Il 20 agosto è stato ufficialmente chiuso il gruppo Facebook “Mia Moglie” con oltre 32mila iscritti, ma solo dopo centinaia di segnalazioni. Cosa si celava di così strano al suo interno? Beh, in realtà era una vera community, tra l’altro alla luce del sole, in cui uomini condividevano immagini delle proprie mogli, ma anche di donne ritratte senza saperlo. Il tono dei commenti era di una tossicità disarmante. Un utente scriveva: “Bel fisico da puledra la signora, si può vedere altro?”. Un altro rincarava la dose: “Peccato davvero che non vuole fare foto, allora falle te di nascosto, seguo con interesse”. Questi sono solo due esempi “moderati” rispetto alla valanga di volgarità e violenza verbale che inondava la bacheca del gruppo. Il dettaglio più agghiacciante? Molte delle donne ritratte non sapevano nemmeno di essere finite online, trasformate in merce da esposizione per una platea di sconosciuti. “Quando scopri che tuo marito ha condiviso quelle foto, non si tratta solo di un reato”, ha raccontato una vittima, “è un tradimento che ti toglie dignità, sicurezza e la libertà di vivere il tuo corpo”. A denunciare pubblicamente l’esistenza del gruppo sono state le pagine “No Justice No Peace” e “L’ha scritto una femmina”, gestita dall’attivista Carolina Capria, che ha dichiarato: “Si tratta di pornografia non consensuale, di violenza sistemica. Chi partecipa è complice di un crimine”. Capria, dopo aver visto i contenuti, ha raccontato la nausea e lo shock provati: foto di donne al mare, al supermercato, in spiaggia, accompagnate da un filo conduttore unico: il disprezzo per il consenso. Il caso ha riacceso anche il ricordo della vicenda di Gisèle Pelicot, la donna francese drogata, abusata e filmata dal marito e da un’intera rete di complici. Anche lì, come nel gruppo “Mia Moglie”, l’elemento centrale era lo stesso: la donna ridotta a corpo ignaro, esposto e condiviso.

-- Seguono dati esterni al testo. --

Lemma dickman_pushforward A :
  measurable A -> mu A = pushforward (U \x mu)%E dickman_map A.
Proof.
move=> mA; rewrite /pushforward /product_measure1 /=.
have mpre : measurable (dickman_map @^-1` A).
  by rewrite -[_ @^-1` _]setTI; exact: measurable_dickman_map.
rewrite integral_uniform; last 2 first.
- exact: measurable_fun_xsection.
- by move=> x; exact: measure_ge0.
have -> : [set` `[(0 : R), 1]] = [set u | 0 <= u <= 1].
  by apply/seteqP; split => x /=; rewrite in_itv.
rewrite subr0 invr1 mul1e (proj2 dickman_mu A mA).
by apply: eq_integral => u _; rewrite xsectionE.
Qed.

Lemma dickman_neg_null : mu [set x : R | x < 0] = 0.
Proof.
have -> : [set x : R | x < 0] = ~` [set x : R | 0 <= x].
  by apply/seteqP; split => x /=; rewrite ltNge => /negP.
rewrite probability_setC ?(proj1 dickman_mu) ?subee //.
rewrite (_ : [set x : R | 0 <= x] = [set` `[0, +oo[]) ?measurable_itv //.
by apply/seteqP; split => x /=; rewrite in_itv /= andbT.
Qed.

Lemma dickman_ae_ge0 (f g : R -> \bar R) :
  (forall x, 0 <= x -> f x = g x) -> ae_eq mu setT f g.
Proof.
move=> fg; exists [set x : R | x < 0]; split.
- have -> : [set x : R | x < 0] = [set` `]-oo, 0[].
    by apply/seteqP; split => x /=; rewrite in_itv.
  exact: measurable_itv.
- exact: dickman_neg_null.
- by move=> x /= fgx; rewrite ltNge; apply/negP => x_ge0; apply: fgx => _; exact: fg.
Qed.

Let pos (x : R) : \bar R := (Num.max x 0)%:E.

Let measurable_pos : measurable_fun setT pos.
Proof.
by apply/measurable_EFinP; apply: measurable_maxr => //; exact: measurable_cst.
Qed.

Let pos_ge0 x : (0 <= pos x)%E.
Proof. by rewrite lee_fin le_max lexx orbT. Qed.

Let measurable_pos_succ : measurable_fun setT (fun x : R => pos ((x : R) + 1)).
Proof.
apply/measurable_EFinP; apply: measurable_maxr; last exact: measurable_cst.
by apply: measurable_funD => //; exact: measurable_cst.
Qed.

Lemma integral_pos_dickman :
  (\int[mu]_x pos x = (2^-1)%:E * \int[mu]_x pos ((x : R) + 1))%E.
Proof.
rewrite (eq_measure_integral (pushforward (U \x mu)%E dickman_map));
  [exact: measurable_dickman_map | move=> m_map
  | by move=> ? A mA _; exact: dickman_pushforward].
rewrite ge0_integral_pushforward // preimage_setT.
have m_comp : measurable_fun setT (pos \o dickman_map).
  exact: measurableT_comp measurable_pos measurable_dickman_map.
have comp_ge0 z : (0 <= (pos \o dickman_map) z)%E by exact: pos_ge0.
rewrite (fubini_tonelli1 _ m_comp comp_ge0) integral_uniform; last 2 first.
- exact: (measurable_fun_fubini_tonelli_F (m2 := mu) _ m_comp comp_ge0).
- by move=> u; apply: integral_ge0 => x _; exact: pos_ge0.
rewrite subr0 invr1 mul1e.
transitivity (\int[lebesgue_measure]_(u in `[(0%R : R), 1%R])
                (u%:E * \int[mu]_x pos ((x : R) + 1)))%E.
  apply: eq_integral => u /[!inE] /andP[u_ge0 _].
  have max_scale y : Num.max (u * y) 0 = u * Num.max y 0 by rewrite maxr_pMr // mulr0.
  rewrite /fubini_F /=.
  under eq_integral do rewrite /pos /dickman_map /= max_scale EFinM.
  by rewrite ge0_integralZl_EFin // => x _; exact: pos_ge0.
rewrite ge0_integralZr ?integral_itv01_id //.
- by move=> x; rewrite /= in_itv /= lee_fin => /andP[].
- by apply: integral_ge0 => x _; exact: pos_ge0.
Qed.

Lemma integral_pos_succ :
  (\int[mu]_x pos ((x : R) + 1) = \int[mu]_x pos x + 1)%E.
Proof.
transitivity (\int[mu]_x (pos x + 1))%E.
  apply: ae_eq_integral => //.
  - by apply: emeasurable_funD => //; exact: measurable_cst.
  - apply: dickman_ae_ge0 => x x_ge0.
    by rewrite /pos !max_l ?EFinD // ?addr_ge0.
by rewrite ge0_integralD // integral_cst_probability.
Qed.

Lemma integral_pos_dickman_cases :
  (\int[mu]_x pos x = 1 \/ \int[mu]_x pos x = +oo)%E.
Proof.
have := integral_pos_dickman; rewrite integral_pos_succ.
have : (0 <= \int[mu]_x pos x)%E by apply: integral_ge0 => x _; exact: pos_ge0.
case: (\int[mu]_x pos x)%E => [r| |] //= r_ge0; last by right.
rewrite -EFinD -EFinM => /eqP; rewrite eqe => /eqP r_eq.
by left; congr EFin; lra.
Qed.

(* The second alternative cannot be excluded without uniqueness of the Dickman
   law; there [Rintegral] takes the junk value [fine +oo = 0]. *)
Lemma dickman_mean : Rintegral mu setT (fun x => x) = 1 \/
  forall c, Rintegral mu setT (fun x => x - c) = 0.
Proof.
case: integral_pos_dickman_cases => pos_mean; [left | right => c];
  rewrite /Rintegral.
- suff -> : (\int[mu]_x x%:E = \int[mu]_x pos x)%E by rewrite pos_mean.
  apply: ae_eq_integral => //.
  by apply: dickman_ae_ge0 => x x_ge0; rewrite /pos max_l.
- suff -> : (\int[mu]_x (x - c)%:E = \int[mu]_x (Num.max x 0 - c)%:E)%E.
    by rewrite integral_max0_subr_pinfty.
  apply: ae_eq_integral => //.
  - by apply/measurable_EFinP; apply: measurable_funB => //; exact: measurable_cst.
  - apply/measurable_EFinP; apply: measurable_funB; last exact: measurable_cst.
    by apply: measurable_maxr => //; exact: measurable_cst.
  - by apply: dickman_ae_ge0 => x x_ge0; rewrite max_l.
Qed.
End dickman_mean.

Theorem theorem1p3 (R : realType) (mu : probability R R) (m n : nat) :
  dickman_law mu -> (1 <= m)%N -> (m <= n)%N ->
  ((2 * (`|m%:R - 2| * ln (n%:R : R) - `|(m%:R + 2) * harm_num R m - 3|)
      / n%:R)%:E <= d1W mu n m)%E.
Proof.
move=> dickman_mu m_ge1 le_mn; have mn : (0 < m <= n)%N by rewrite m_ge1.
have d1W_ge h : lip1 h -> ((`|EW n m h - Rintegral mu setT h|)%:E <= d1W mu n m)%E.
  by move=> h_lip; apply: ereal_sup_ubound; exists h.
have lip_subr c : lip1 (fun x : R => x - c).
  by move=> x y; rewrite opprB addrA subrK.
have := qs_mean_dist_ge R mn; set B := (2 * _ / _) => B_le.
case: (dickman_mean dickman_mu) => [mean1 | mean0].
  apply: le_trans (d1W_ge _ (lip_subr 0)); rewrite lee_fin EW_subr //.
  have -> : (fun x : R => x - 0) = id by apply: funext => x; rewrite subr0.
  by rewrite mean1 subr0 -addrA -opprD.
apply: le_trans (d1W_ge _ (lip_subr (qs_mean R n m / n%:R - 1 - `|B|))).
rewrite lee_fin EW_subr // mean0 subr0 opprB addrC subrK normr_id.
exact: ler_norm.
Qed.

Meta ha confermato la chiusura del gruppo, spiegando: “Abbiamo rimosso Mia Moglie perché violava le nostre policy contro lo sfruttamento sessuale di adulti. Non consentiamo contenuti che incitano o sostengono abusi sessuali”. Ma la partita è tutt’altro che chiusa: i gruppi rinascono altrove, più nascosti e protetti, soprattutto su Telegram. Dal 2019 la legge italiana punisce la diffusione non consensuale di immagini o video sessualmente espliciti con pene fino a 6 anni di carcere, eppure, la pratica prolifera. Si tratta a tutti gli effetti di revenge porn, anche se qui la logica non è vendetta, ma ostentazione, un’esibizione tossica della “proprietà” della donna.
Il problema però sta a monte, ed è la convinzione tossica che la donna sia una proprietà: se sei “mia moglie”, sei anche la mia “merce da esibire”. Questo è il pensiero che trapela dalle chat, dove i mariti condividono foto private delle loro partner come se fossero figurine da scambiare e dove il consenso non è nemmeno contemplato. E spesso le donne scoperte a loro insaputa vengono derise, commentate, spogliate pubblicamente non solo del loro corpo, ma della loro libertà di scelta. L’idea della donna come proprietà o trofeo non è un tema nuovo seppur riprovevole, il problema però è che oggi viene amplificato da piattaforme che moltiplicano pubblico e complicità. Mostrare “la propria” moglie ad altri uomini significa ostentare quasi l’esserne padrone, costruire legami di virilità. Ma una domanda che non dovrebbe nemmeno esistere viene spontanea al proposito: com’è possibile che un uomo invii foto intime della propria moglie, spesso senza che lei lo sappia, a perfetti sconosciuti? Ma soprattutto, com’è possibile che la società tollera ancora tutto questo?